Report every line below that has the string "autoZn" in it.

● **Listed records**

○ ○ ○ ○ ○ ○ ○

Lemma dirichlet_approximation m N (c : 'I_m -> R) :
  exists2 p : nat, (0 < p)%N &
    exists z : 'I_m -> int, forall j, `|p%:R * c j - (z j)%:~R| <= N.+1%:R^-1.
Proof.
pose cell (k : 'I_(N.+1 ^ m).+1) : {ffun 'I_m -> 'I_N.+1} :=
  [ffun j => inord (frac_cell N (k%:R * c j))].
have /injectivePn[k1 [k2 ne12 e12]] : ~~ injectiveb cell.
  apply/injectiveP => /leq_card; rewrite card_ffun !card_ord; lia.
wlog lt12 : k1 k2 ne12 e12 / (k1 < k2)%N.
  move=> W; case: (ltngtP k1 k2) => [|lt21|/val_inj e]; first exact: W.
  - by apply: (W k2 k1); rewrite // eq_sym.
  - by rewrite e eqxx in ne12.
exists (k2 - k1)%N; first by rewrite subn_gt0.
exists (fun j => Num.floor (k2%:R * c j) - Num.floor (k1%:R * c j)) => j.
have -> : (k2 - k1)%:R * c j - (Num.floor (k2%:R * c j) - Num.floor (k1%:R * c j))%:~R
    = frac (k2%:R * c j) - frac (k1%:R * c j).
  by rewrite natrB 1?ltnW // intrB /frac; ring.
apply: frac_close_of_cell_eq.
have := congr1 (fun g : {ffun 'I_m -> 'I_N.+1} => val (g j)) e12.
by rewrite /= !ffunE !inordK ?frac_cell_lt.
Qed.

Lemma dirichlet_approximation_lt m (c : 'I_m -> R) (e : R) : 0 < e ->
  exists2 p : nat, (0 < p)%N &
    exists z : 'I_m -> int, forall j, `|p%:R * c j - (z j)%:~R| < e.
Proof.
move=> e0; have [p p0 [z hz]] := dirichlet_approximation _ (Num.truncn e^-1) c.
exists p => //; exists z => j; apply: le_lt_trans (hz j) _.
by rewrite invf_plt ?posrE ?ltr0n // truncnS_gt.
Qed.
End Dirichlet.

Lemma norm_sum_mul_le (R : numDomainType) (I : finType) (u v : I -> R) t :
  (forall j, `|u j| <= t) -> `|\sum_j u j * v j| <= t * \sum_j `|v j|.
Proof.
move=> hu; rewrite mulr_sumr; apply: le_trans (ler_norm_sum _ _ _) _.
by apply: ler_sum => j _; rewrite normrM ler_wpM2r.
Qed.

Lemma sqrt_sum_sqr_le (R : rcfType) (I : Type) (r : seq I) (a : I -> R) :
  Num.sqrt (\sum_(i <- r) a i ^+ 2) <= \sum_(i <- r) `|a i|.
Proof.
have s0 : 0 <= \sum_(i <- r) `|a i| by apply: sumr_ge0.
rewrite -(ger0_norm s0) -sqrtr_sqr ler_wsqrtr //; elim: r {s0} => [|i r IH].
  by rewrite !big_nil expr0n.
rewrite !big_cons; have : 0 <= \sum_(j <- r) `|a j| by apply: sumr_ge0.
by rewrite -(real_normK (num_real (a i))); have := normr_ge0 (a i); nra.
Qed.

Section SpanningFamily.
Context {K : fieldType} {n : nat} {T : Type} (phi : T -> 'rV[K]_n).

Definition fam_mx {m} (b : 'I_m -> T) : 'M[K]_(m, n) := \matrix_j phi (b j).

Definition fam_snoc {m} (b : 'I_m -> T) (x : T) : 'I_m.+1 -> T :=
  fun j => if unlift ord_max j is Some j' then b j' else x.

Lemma row_free_snoc m (b : 'I_m -> T) x :
  row_free (fam_mx b) -> ~~ (phi x <= fam_mx b)%MS -> row_free (fam_mx (fam_snoc b x)).
Proof.
move=> /eqP rk nx; rewrite /row_free eqn_leq rank_leq_row /=.
have sub : (fam_mx b + phi x <= fam_mx (fam_snoc b x))%MS.
  rewrite addsmx_sub; apply/andP; split.
    apply/row_subP => j; rewrite rowK.
    have -> : phi (b j) = row (lift ord_max j) (fam_mx (fam_snoc b x)).
      by rewrite rowK /fam_snoc liftK.
    exact: row_sub.
  have -> : phi x = row ord_max (fam_mx (fam_snoc b x)).
    by rewrite rowK /fam_snoc unlift_none.
  exact: row_sub.
have lt : (fam_mx b < fam_mx b + phi x)%MS.
  by rewrite ltmxE addsmxSl; apply: contra nx; apply: submx_trans (addsmxSr _ _).
by move: lt; rewrite ltmxErank rk => /andP[_ /leq_trans]; apply; apply: mxrankS.
Qed.

Lemma exists_spanning_row_free_family (P : T -> Prop) :
  exists m (b : 'I_m -> T), [/\ forall j, P (b j), row_free (fam_mx b) &
    forall x, P x -> (phi x <= fam_mx b)%MS].
Proof.
suff ext d m (b : 'I_m -> T) : (n - m)%N = d -> (forall j, P (b j)) ->
    row_free (fam_mx b) -> exists m (b : 'I_m -> T), [/\ forall j, P (b j),
      row_free (fam_mx b) & forall x, P x -> (phi x <= fam_mx b)%MS].
  apply: (ext _ 0%N (fun j => False_rect T (Bool.diff_false_true (ltn_ord j))));
    [done | by case | by rewrite /row_free -leqn0 rank_leq_row].
elim/ltn_ind: d m b => d IH m b dm Pb fb.
have [span|] := classic (forall x, P x -> (phi x <= fam_mx b)%MS).
  by exists m, b.
move=> /not_all_ex_not[x /(imply_to_and (P x))[Px /negP nx]].
have free_snoc := row_free_snoc _ _ _ fb nx.
have := rank_leq_col (fam_mx (fam_snoc b x)); rewrite (eqP free_snoc) => mn.
apply: (IH _ _ _ (fam_snoc b x) erefl) => // [|j]; first lia.
by rewrite /fam_snoc; case: unlift.
Qed.

End SpanningFamily.

Lemma rsumE k (g : nat -> R) : rsum k g = \sum_(i < k) g i.
Proof.
elim: k => [|k IH] /=; first by rewrite big_ord0.
by rewrite big_ord_recr /= IH.
Qed.

Lemma edistE n (x y : nat -> R) :
  edist n x y = Num.sqrt (\sum_(i < n) (x i - y i) ^+ 2).
Proof.
rewrite /edist RsqrtE rsumE; congr Num.sqrt; apply: eq_bigr => i _.
by rewrite RpowE RminusE.
Qed.

Lemma edist_ge0 n (x y : nat -> R) : 0 <= edist n x y.
Proof. by rewrite edistE sqrtr_ge0. Qed.

Lemma norm_coord_le_edist n (x y : nat -> R) (i : 'I_n) :
  `|x i - y i| <= edist n x y.
Proof.
rewrite edistE -sqrtr_sqr ler_wsqrtr // (bigD1 i) //= lerDl.
by apply: sumr_ge0 => j _; rewrite sqr_ge0.
Qed.

Lemma edist_le_sum_norm n (x y : nat -> R) :
  edist n x y <= \sum_(i < n) `|x i - y i|.
Proof. by rewrite edistE sqrt_sum_sqr_le. Qed.

Definition rv n (x : nat -> R) : 'rV[R]_n := \row_(i < n) x i.

Lemma edist_mulmx_le n (P : 'M[R]_n) x y x' y' :
  rv n x - rv n y = (rv n x' - rv n y') *m P ->
  edist n x y <= edist n x' y' * \sum_(i < n) \sum_(j < n) `|P j i|.
Proof.
move=> exy; apply: le_trans (edist_le_sum_norm _ _ _) _.
rewrite mulr_sumr; apply: ler_sum => i _.
have := congr1 (fun w : 'rV_n => w 0 i) exy; rewrite !mxE => ->.
by apply: norm_sum_mul_le => j; rewrite !mxE; apply: norm_coord_le_edist.
Qed.

Lemma open_map_of_linear_inverse n H f (P : 'M[R]_n) :
  (forall x, H x -> H (f x)) -> (forall y, H y -> exists x, H x /\ f x = y) ->
  (forall x, H x -> rv n x = rv n (f x) *m P) -> open_map_on n H f.
Proof.
move=> fH surj inv U [UH Uopen]; split=> [_ [x [Ux <-]]|_ [x0 [Ux0 <-]]].
  exact/fH/UH.
have [eps [/RltP eps0 epsU]] := Uopen x0 Ux0.
pose SP := \sum_(i < n) \sum_(j < n) `|P j i|.
have SP0 : 0 <= SP by do 2!apply: sumr_ge0 => ? _.
have SP1 : 0 < SP + 1 by lra.
exists (eps / (SP + 1)); split; first exact/RltP/divr_gt0.
move=> _ /surj[x [Hx <-]] /RltP dfx; exists x; split => //; apply/epsU/RltP => //.
apply: le_lt_trans (edist_mulmx_le _ _ _ _ _ _ _) _.
  by rewrite (inv x0 (UH _ Ux0)) (inv x Hx) mulmxBl.
have := edist_ge0 n (f x0) (f x); have := divfK (lt0r_neq0 SP1) eps.
by move: (eps / _) dfx => eta; rewrite -/SP; nra.
Qed.

Definition vzscale (z : int) (x : nat -> R) : nat -> R := fun i => z%:~R * x i.

Lemma vzscale0 x : vzscale 0 x = vzero.
Proof. by apply: functional_extensionality => i; rewrite /vzscale mul0r. Qed.

Lemma vzscaleS (k : nat) x : vzscale k.+1 x = vadd (vzscale k x) x.
Proof.
apply: functional_extensionality => i.
by rewrite /vzscale /vadd RplusE -!pmulrn mulrSr mulrDl mul1r.
Qed.

Lemma vzscaleNegz (k : nat) x : vzscale (Negz k) x = vopp (vzscale k.+1 x).
Proof.
by apply: functional_extensionality => i; rewrite /vzscale /vopp RoppE NegzE intrN mulNr.
Qed.

Section ContinuousAutomorphism.
Variables (n : nat) (H : (nat -> R) -> Prop) (f : (nat -> R) -> nat -> R).
Hypotheses (subH : is_subgroup_Rn n H) (autf : cont_automorphism n H f).

Lemma subgroup0 : H vzero. Proof. by case: subH => _ []. Qed.

Lemma subgroupD {x y} : H x -> H y -> H (vadd x y).
Proof. by case: subH => _ [_ [hD _]]; apply: hD. Qed.

Lemma subgroupN {x} : H x -> H (vopp x).
Proof. by case: subH => _ [_ [_ hN]]; apply: hN. Qed.

Lemma autoD {x y} : H x -> H y -> f (vadd x y) = vadd (f x) (f y).
Proof. by case: autf => _ [hD _]; apply: hD. Qed.

Lemma auto0 : f vzero = vzero.
Proof.
have e : vadd vzero vzero = vzero.
  by apply: functional_extensionality => i; rewrite /vadd /vzero RplusE addr0.
apply: functional_extensionality => i.
have := congr1 (fun g => g i) (autoD subgroup0 subgroup0).
by rewrite e /vadd /vzero RplusE R0E; lra.
Qed.

Lemma autoN {x} : H x -> f (vopp x) = vopp (f x).
Proof.
move=> Hx; have e : vadd x (vopp x) = vzero.
  by apply: functional_extensionality => i; rewrite /vadd /vopp /vzero RplusE RoppE subrr.
apply: functional_extensionality => i.
have := congr1 (fun g => g i) (autoD Hx (subgroupN Hx)).
by rewrite e auto0 /vadd /vopp /vzero RplusE RoppE R0E; lra.
Qed.

Lemma subgroupZ z {x} : H x -> H (vzscale z x).
Proof.
have subgroupZn (k : nat) : H x -> H (vzscale k x).
  move=> Hx; elim: k => [|k IH]; first by rewrite vzscale0; apply: subgroup0.
  by rewrite vzscaleS; apply: subgroupD.
case: z => k Hx; rewrite ?vzscaleNegz; first exact: subgroupZn.
exact/subgroupN/subgroupZn.
Qed.

Lemma autoZ z {x} : H x -> f (vzscale z x) = vzscale z (f x).
Proof.
have autoZn (k : nat) : H x -> f (vzscale k x) = vzscale k (f x).
  move=> Hx; elim: k => [|k IH]; first by rewrite !vzscale0 auto0.
  by rewrite !vzscaleS autoD ?IH //; apply: subgroupZ.
case: z => k Hx; rewrite ?vzscaleNegz; first exact: autoZn.
by rewrite autoN ?autoZn //; apply: subgroupZ.
Qed.

Lemma auto_int_comb m (z : 'I_m -> int) (b : 'I_m -> nat -> R) :
  (forall j, H (b j)) -> exists y, [/\ H y,
    forall i, y i = \sum_(j < m) (z j)%:~R * b j i &
    forall i, f y i = \sum_(j < m) (z j)%:~R * f (b j) i].
Proof.
elim: m z b => [|m IH] z b Hb.
  by exists vzero; rewrite auto0; split => [|i|i]; rewrite ?big_ord0 //; apply: subgroup0.
pose w := widen_ord (leqnSn m).
have [y [Hy ey efy]] := IH (z \o w) (b \o w) (fun j => Hb (w j)).
have Hzb := subgroupZ (z ord_max) (Hb ord_max).
exists (vadd y (vzscale (z ord_max) (b ord_max))).
split => [|i|i]; first exact: subgroupD.
  by rewrite big_ord_recr /vadd RplusE ey.
by rewrite autoD // autoZ // big_ord_recr /vadd RplusE efy.
Qed.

○ ○ ○ ○ ○ ○ ○

● **The answer**
have autoZn (k : nat) : H x -> f (vzscale k x) = vzscale k (f x).
case: z => k Hx; rewrite ?vzscaleNegz; first exact: autoZn.
by rewrite autoN ?autoZn //; apply: subgroupZ.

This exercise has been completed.